▶ _Aim of the exercise_
Provide again, from the entries below, every line from the one containing "Lemma onemX_bernoulli_le1 (u" through the one containing "rewrite sqr_t.", exactly as written, and no other line.

[Items listed in a dataset]
□ □ □ □
(* Let $\mathcal{A}\subseteq C^0([0,1])$ be a subalgebra which is closed with respect to uniform convergence and contains a non-constant function, and let $x_0\in(0,1)$. Then $\mathcal{A}$ contains a non-constant function $f$ which is differentiable at $x_0$.
   Context: $C^0([0,1])$ denotes the algebra of continuous real-valued functions on $[0,1]$ with the supremum norm; the subalgebra is not assumed to contain the constants. *)

From HB Require Import structures.
From mathcomp Require Import all_boot all_order all_algebra.
From mathcomp Require Import all_classical all_reals all_analysis.
Set Implicit Arguments. Unset Strict Implicit. Unset Printing Implicit Defensive.
Import Order.TTheory GRing.Theory Num.Theory.
Import numFieldNormedType.Exports.
Local Open Scope classical_set_scope.
Local Open Scope ring_scope.

Section Defs.
Variable R : realType.

Definition I01 : set R := [set x | 0 <= x <= 1].

(* f represents an element of C^0([0,1]) (only values on [0,1] matter) *)
Definition C01 (f : R -> R) : Prop := {within I01, continuous f}.

(* A (a set of representatives of elements of C^0([0,1])) is a real
   subalgebra; constants are not required. *)
Definition is_subalgebra (A : set (R -> R)) : Prop :=
  [/\ (forall f, A f -> C01 f),
      A (fun _ => 0),
      (forall f g, A f -> A g -> A (fun x => f x + g x)),
      (forall (c : R) f, A f -> A (fun x => c * f x)) &
      (forall f g, A f -> A g -> A (fun x => f x * g x))].

Definition unif_cvg01 (u : nat -> R -> R) (g : R -> R) : Prop :=
  forall e : R, 0 < e -> exists N : nat, forall n : nat, (N <= n)%N ->
    forall x, I01 x -> `|u n x - g x| < e.

Definition unif_closed (A : set (R -> R)) : Prop :=
  forall (u : nat -> R -> R) (g : R -> R),
    (forall n, A (u n)) -> C01 g -> unif_cvg01 u g -> A g.

Definition nonconst01 (f : R -> R) : Prop :=
  exists x y, [/\ I01 x, I01 y & f x <> f y].

End Defs.

(* A uniformly closed subalgebra is closed under [f |-> |f|], because [|t|]
   is a uniform limit on [[-1, 1]] of polynomials without constant term (the
   iteration [p |-> p + (t^2 - p^2)/2] started at [0]).  Hence [Q + |Q|],
   twice the positive part of [Q], lies in the algebra for every member [Q].
   It therefore suffices to find [Q] in the algebra which is [<= 0] near [x0]
   but positive somewhere: then [Q + |Q|] vanishes near [x0], so it is
   differentiable there, and it is not constant.  Pick a non-constant [f] in
   the algebra and a point [z] with [f z] different from both [0] and
   [f x0].  If [f x0 <> 0], a combination [a f + b f^2] takes the values [-1]
   at [x0] and [1] at [z].  If [f x0 = 0], take [k f^2 - |f|] with
   [k = 2 / |f z|], which is [<= 0] wherever [|f| <= 1/k], in particular
   near [x0]. *)
From HB Require Import structures.
From mathcomp Require Import all_boot all_order all_algebra.
From mathcomp Require Import all_classical all_reals all_analysis.
From mathcomp Require Import ring lra.
Set Implicit Arguments. Unset Strict Implicit. Unset Printing Implicit Defensive.
Import Order.TTheory GRing.Theory Num.Theory.
Import numFieldNormedType.Exports.
Local Open Scope classical_set_scope.
Local Open Scope ring_scope.

Section AbsApprox.
Variable R : realType.

Fixpoint abs_approx (n : nat) (t : R) : R :=
  if n is m.+1 then abs_approx m t + (t ^+ 2 - abs_approx m t ^+ 2) / 2 else 0.

Lemma onemX_bernoulli_le1 (u : R) (n : nat) : 0 <= u <= 1 ->
  (1 - u) ^+ n * (1 + n%:R * u) <= 1.
Proof.
move=> /andP[u0 u1]; elim: n => [|n IHn]; first by rewrite expr0 mul0r addr0 mulr1.
have pow_ge0 : 0 <= (1 - u) ^+ n by apply: exprn_ge0; lra.
have step : (1 - u) * (1 + (n%:R + 1) * u) <= 1 + n%:R * u.
  have : 0 <= n%:R :> R by [].
  nra.
rewrite exprS -mulrA -natr1 mulrCA; apply: le_trans IHn.
exact: ler_wpM2l.
Qed.

Lemma abs_approx_bounds (t : R) (n : nat) : `|t| <= 1 ->
  [/\ 0 <= abs_approx n t, abs_approx n t <= `|t|
    & `|t| - abs_approx n t <= `|t| * (1 - `|t| / 2) ^+ n].
Proof.
have sqr_t : t ^+ 2 = `|t| ^+ 2 by rewrite real_normK ?num_real.
have : 0 <= `|t| by [].
move: `|t| sqr_t => s sqr_t s0 s1.
elim: n => [|n [p0 ps gap]] /=; first by rewrite expr0 mulr1 subr0 lexx.
rewrite sqr_t.
have pow_ge0 : 0 <= (1 - s / 2) ^+ n by apply: exprn_ge0; lra.
split; [nra | nra |].
have -> : s - (abs_approx n t + (s ^+ 2 - abs_approx n t ^+ 2) / 2) =
          (s - abs_approx n t) * (1 - (s + abs_approx n t) / 2) by ring.
rewrite exprSr mulrA.
have contract : (s - abs_approx n t) * (1 - (s + abs_approx n t) / 2)
                <= (s - abs_approx n t) * (1 - s / 2) by nra.
by apply: le_trans contract _; apply: ler_wpM2r; lra.
Qed.

Lemma abs_approx_err (t : R) (n : nat) : `|t| <= 1 ->
  0 <= `|t| - abs_approx n t /\ (`|t| - abs_approx n t) * n%:R <= 2.
Proof.
move=> t1; have [p0 pt gap] := abs_approx_bounds n t1.
split; first lra.
have s0 : 0 <= `|t| by [].
have bern : (1 - `|t| / 2) ^+ n * (1 + n%:R * (`|t| / 2)) <= 1.
  by apply: onemX_bernoulli_le1; apply/andP; split; lra.
have n0 : 0 <= n%:R :> R by [].
have : (`|t| - abs_approx n t) * n%:R <= `|t| * (1 - `|t| / 2) ^+ n * n%:R.
  exact: ler_wpM2r.
have q0 : 0 <= (1 - `|t| / 2) ^+ n by apply: exprn_ge0; lra.
nra.
Qed.

Lemma abs_approx_unif (g : R -> R) : (forall x, I01 x -> `|g x| <= 1) ->
  unif_cvg01 (fun n x => abs_approx n (g x)) (fun x => `|g x|).
Proof.
move=> g1 e e0; exists (Num.truncn (2 / e)).+1 => n Nn x Ix.
have [gap0 gapn] := abs_approx_err n (g1 x Ix).
rewrite distrC ger0_norm //.
have n_gt : 2 / e < n%:R.
  by apply: lt_le_trans (truncnS_gt _) _; rewrite ler_nat.
have n0 : 0 < n%:R :> R by apply: le_lt_trans n_gt; rewrite divr_ge0 // ltW.
have : 2 < e * n%:R by rewrite mulrC -ltr_pdivrMr.
move: (`|g x| - _) gap0 gapn => gap gap0 gapn.
nra.
Qed.

End AbsApprox.

Section C01Facts.
Variable R : realType.
Implicit Types (f : R -> R) (c x y : R).

Lemma I01_itvoo (x : R) : 0 < x < 1 -> I01 x.
Proof. by move=> /andP[x0 x1]; apply/andP; split; apply: ltW. Qed.

Lemma C01_norm f : C01 f -> C01 (fun x => `|f x|).
Proof. by move=> cf x; apply: continuous_comp (cf x) _; exact: norm_continuous. Qed.

Lemma C01_continuous_at f (x0 : R) : C01 f -> 0 < x0 < 1 -> {for x0, continuous f}.
Proof.
by move=> cf x0_01; apply: (@within_continuous_continuous _ _ _ 0 1).
Qed.

Lemma C01_IVT_mid f x y : C01 f -> I01 x -> I01 y ->
  exists2 z, I01 z & f z = (f x + f y) / 2.
Proof.
wlog xy : x y / x <= y.
  move=> wlog_xy cf Ix Iy; have [xy|/ltW yx] := leP x y; first exact: wlog_xy.
  by rewrite addrC; exact: wlog_xy.
move=> cf /andP[x0 x1] /andP[y0 y1].
have sub_xy : `[x, y] `<=` @I01 R.
  by move=> t; rewrite /= in_itv /= => /andP[xt ty]; apply/andP; split; lra.
have mid : Num.min (f x) (f y) <= (f x + f y) / 2 <= Num.max (f x) (f y).
  by case: (leP (f x) (f y)) => fxy; rewrite ?(minEle, maxEle) ?fxy /=; lra.
have [z zxy fz] := IVT xy (continuous_subspaceW sub_xy cf) mid.
by exists z => //; apply: sub_xy.
Qed.

Lemma C01_nonconst_avoid f c : C01 f -> nonconst01 f ->
  exists z, [/\ I01 z, f z != 0 & f z != c].
Proof.
move=> cf [x [y [Ix Iy fxy]]].
have [[z zP] | none] := pselect (exists z, [/\ I01 z, f z != 0 & f z != c]).
  by exists z.
have two_values w : I01 w -> f w = 0 \/ f w = c.
  move=> Iw; have [|fw0] := eqVneq (f w) 0; [by left | right].
  by apply/eqP/negPn/negP => fwc; apply: none; exists w.
have [m Im fm] := C01_IVT_mid cf Ix Iy.
by move: (two_values x Ix) (two_values y Iy) (two_values m Im) fxy; rewrite fm; lra.
Qed.

End C01Facts.

Section ClosedSubalgebra.
Variables (R : realType) (A : set (R -> R)).
Implicit Types (f g Q : R -> R) (a b c z : R).
Hypothesis subA : is_subalgebra A.

Lemma subalg_C01 f : A f -> C01 f.
Proof. by case: subA => A_C01 _ _ _ _; exact: A_C01. Qed.

Lemma subalg0 : A (fun _ => 0).
Proof. by case: subA. Qed.

Lemma subalgD f g : A f -> A g -> A (fun x => f x + g x).
Proof. by case: subA => _ _ AD _ _; exact: AD. Qed.

Lemma subalgZ c f : A f -> A (fun x => c * f x).
Proof. by case: subA => _ _ _ AZ _; exact: AZ. Qed.

Lemma subalgM f g : A f -> A g -> A (fun x => f x * g x).
Proof. by case: subA => _ _ _ _ AM; exact: AM. Qed.

Lemma subalg_abs_approx n f : A f -> A (fun x => abs_approx n (f x)).
Proof.
move=> Af; elim: n => [|n IHn]; first exact: subalg0.
have -> : (fun x => abs_approx n.+1 (f x)) = (fun x => abs_approx n (f x) +
    (2^-1 * (f x * f x) + - 2^-1 * (abs_approx n (f x) * abs_approx n (f x)))).
  by apply: funext => x /=; ring.
by apply: subalgD => //; apply: subalgD; apply: subalgZ; apply: subalgM.
Qed.

Lemma subalg_interpolate f a b : A f -> f a != 0 -> f b != 0 -> f a != f b ->
  exists Q, [/\ A Q, Q a = -1 & Q b = 1].
Proof.
move=> Af fa0 fb0 fab.
have fba : f b - f a != 0 by rewrite subr_eq0 eq_sym.
pose be := (f a + f b) / (f a * f b * (f b - f a)).
pose al := (-1 - be * (f a * f a)) / f a.
exists (fun x => al * f x + be * (f x * f x)); split.
- by apply: subalgD; apply: subalgZ => //; apply: subalgM.
- by rewrite /al; field.
- by rewrite /al /be; field; rewrite fa0 fb0 fba.
Qed.

Hypothesis closedA : unif_closed A.

Lemma subalg_abs f : A f -> A (fun x => `|f x|).
Proof.
move=> Af; have cf := subalg_C01 Af.
have abs_f_cont : {within `[0, 1], continuous (fun x => `|f x|)}.
  by rewrite set_itvcc; exact: C01_norm.
have [m _ max_m] := EVT_max ler01 abs_f_cont.
pose M := `|f m| + 1.
have M0 : 0 < M by rewrite /M ltr_wpDl.
have Ag : A (fun x => M^-1 * f x) by exact: subalgZ.
have g1 x : I01 x -> `|M^-1 * f x| <= 1.
  move=> Ix; rewrite normrM gtr0_norm ?invr_gt0 // ler_pdivrMl // mulr1.
  have : `|f x| <= `|f m| by apply: max_m; rewrite in_itv.
  rewrite /M; lra.
have Aabs_g : A (fun x => `|M^-1 * f x|).
  apply: (closedA (fun n => subalg_abs_approx n Ag)); last exact: abs_approx_unif.
  exact: C01_norm (subalg_C01 Ag).
have -> : (fun x => `|f x|) = (fun x => M * `|M^-1 * f x|).
  by apply: funext => x; rewrite normrM gtr0_norm ?invr_gt0 // mulrA mulfV ?mul1r // gt_eqF.
exact: subalgZ.
Qed.

Lemma subalg_nonconst_derivable Q (x0 : R) z : A Q -> I01 x0 -> I01 z -> 0 < Q z ->
  (\forall x \near x0, Q x <= 0) ->
  exists f, [/\ A f, nonconst01 f & derivable f x0 1].
Proof.
move=> AQ Ix0 Iz Qz Q_le0.
exists (fun x => Q x + `|Q x|); split.
- exact: subalgD (subalg_abs AQ).
- exists x0, z; split => //.
  rewrite (ger0_norm (ltW Qz)) ler0_norm ?subrr; last exact: nbhs_singleton Q_le0.
  lra.
- apply: (@near_eq_derivable _ _ _ (cst 0)); last exact: derivable_cst.
  by near=> x; rewrite ler0_norm ?subrr //; near: x.
Unshelve. all: by end_near.
Qed.

Lemma subalg_sign_root f (x0 : R) z : A f -> 0 < x0 < 1 -> f x0 = 0 -> f z != 0 ->
  exists Q, [/\ A Q, 0 < Q z & \forall x \near x0, Q x <= 0].
Proof.
move=> Af x0_01 fx0 fz0.
have fz_gt0 : 0 < `|f z| by rewrite normr_gt0.
pose k := 2 / `|f z|.
have sqr_norm (t : R) : t * t = `|t| * `|t| by rewrite -!expr2 real_normK ?num_real.
exists (fun x => k * (f x * f x) + - 1 * `|f x|); split.
- by apply: subalgD; apply: subalgZ; [apply: subalgM | apply: subalg_abs].
- rewrite sqr_norm /k; move: `|f z| fz_gt0 => a a0.
  have -> : 2 / a * (a * a) = 2 * a by field; exact: lt0r_neq0.
  lra.
have small : \forall x \near x0, `|f x - f x0| < `|f z| / 2.
  exact: cvgr_distC_lt (C01_continuous_at (subalg_C01 Af) x0_01) _ (divr_gt0 fz_gt0 _).
apply: filterS small => x; rewrite fx0 subr0 sqr_norm => small.
have k_small : k * `|f x| <= 1 by rewrite /k mulrAC ler_pdivrMr // mul1r; lra.
have : 0 <= `|f x| by [].
move: k `|f x| k_small => kk b k_small b0.
nra.
Qed.

Lemma subalg_sign_nonroot f (x0 : R) z : A f -> 0 < x0 < 1 ->
  f x0 != 0 -> f z != 0 -> f z != f x0 ->
  exists Q, [/\ A Q, 0 < Q z & \forall x \near x0, Q x <= 0].
Proof.
move=> Af x0_01 fx0 fz0 fz_fx0.
rewrite eq_sym in fz_fx0.
have [Q [AQ Qx0 Qz]] := subalg_interpolate Af fx0 fz0 fz_fx0.
exists Q; split; [done | by rewrite Qz |].
have Q_cont := C01_continuous_at (subalg_C01 AQ) x0_01.
have Qx0_lt0 : Q x0 < 0 by rewrite Qx0 ltrN10.
have Q_lt0 : \forall x \near x0, Q x < 0 by exact: (cvgr_lt _ Q_cont _ Qx0_lt0).
by near=> x; apply: ltW; near: x.
Unshelve. all: by end_near.
Qed.

End ClosedSubalgebra.

Theorem mainTheorem5 (R : realType) (A : set (R -> R)) (x0 : R) :
  is_subalgebra A -> unif_closed A ->
  (exists f, A f /\ nonconst01 f) ->
  0 < x0 < 1 ->
  exists f, [/\ A f, nonconst01 f & derivable f x0 1].
Proof.
move=> subA closedA [f [Af f_nc]] x0_01.
have [z [Iz fz0 fz_fx0]] := C01_nonconst_avoid (f x0) (subalg_C01 subA Af) f_nc.
have [Q [AQ Qz Q_le0]] : exists Q, [/\ A Q, 0 < Q z & \forall x \near x0, Q x <= 0].
  have [fx0|fx0] := eqVneq (f x0) 0.
  - exact: (subalg_sign_root subA closedA Af x0_01 fx0 fz0).
  - exact: (subalg_sign_nonroot subA Af x0_01 fx0 fz0 fz_fx0).
exact: subalg_nonconst_derivable AQ (I01_itvoo x0_01) Iz Qz Q_le0.
Qed.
□ □ □ □
▶ _Exercise response_
Lemma onemX_bernoulli_le1 (u : R) (n : nat) : 0 <= u <= 1 ->
  (1 - u) ^+ n * (1 + n%:R * u) <= 1.
Proof.
move=> /andP[u0 u1]; elim: n => [|n IHn]; first by rewrite expr0 mul0r addr0 mulr1.
have pow_ge0 : 0 <= (1 - u) ^+ n by apply: exprn_ge0; lra.
have step : (1 - u) * (1 + (n%:R + 1) * u) <= 1 + n%:R * u.
  have : 0 <= n%:R :> R by [].
  nra.
rewrite exprS -mulrA -natr1 mulrCA; apply: le_trans IHn.
exact: ler_wpM2l.
Qed.

Lemma abs_approx_bounds (t : R) (n : nat) : `|t| <= 1 ->
  [/\ 0 <= abs_approx n t, abs_approx n t <= `|t|
    & `|t| - abs_approx n t <= `|t| * (1 - `|t| / 2) ^+ n].
Proof.
have sqr_t : t ^+ 2 = `|t| ^+ 2 by rewrite real_normK ?num_real.
have : 0 <= `|t| by [].
move: `|t| sqr_t => s sqr_t s0 s1.
elim: n => [|n [p0 ps gap]] /=; first by rewrite expr0 mulr1 subr0 lexx.
rewrite sqr_t.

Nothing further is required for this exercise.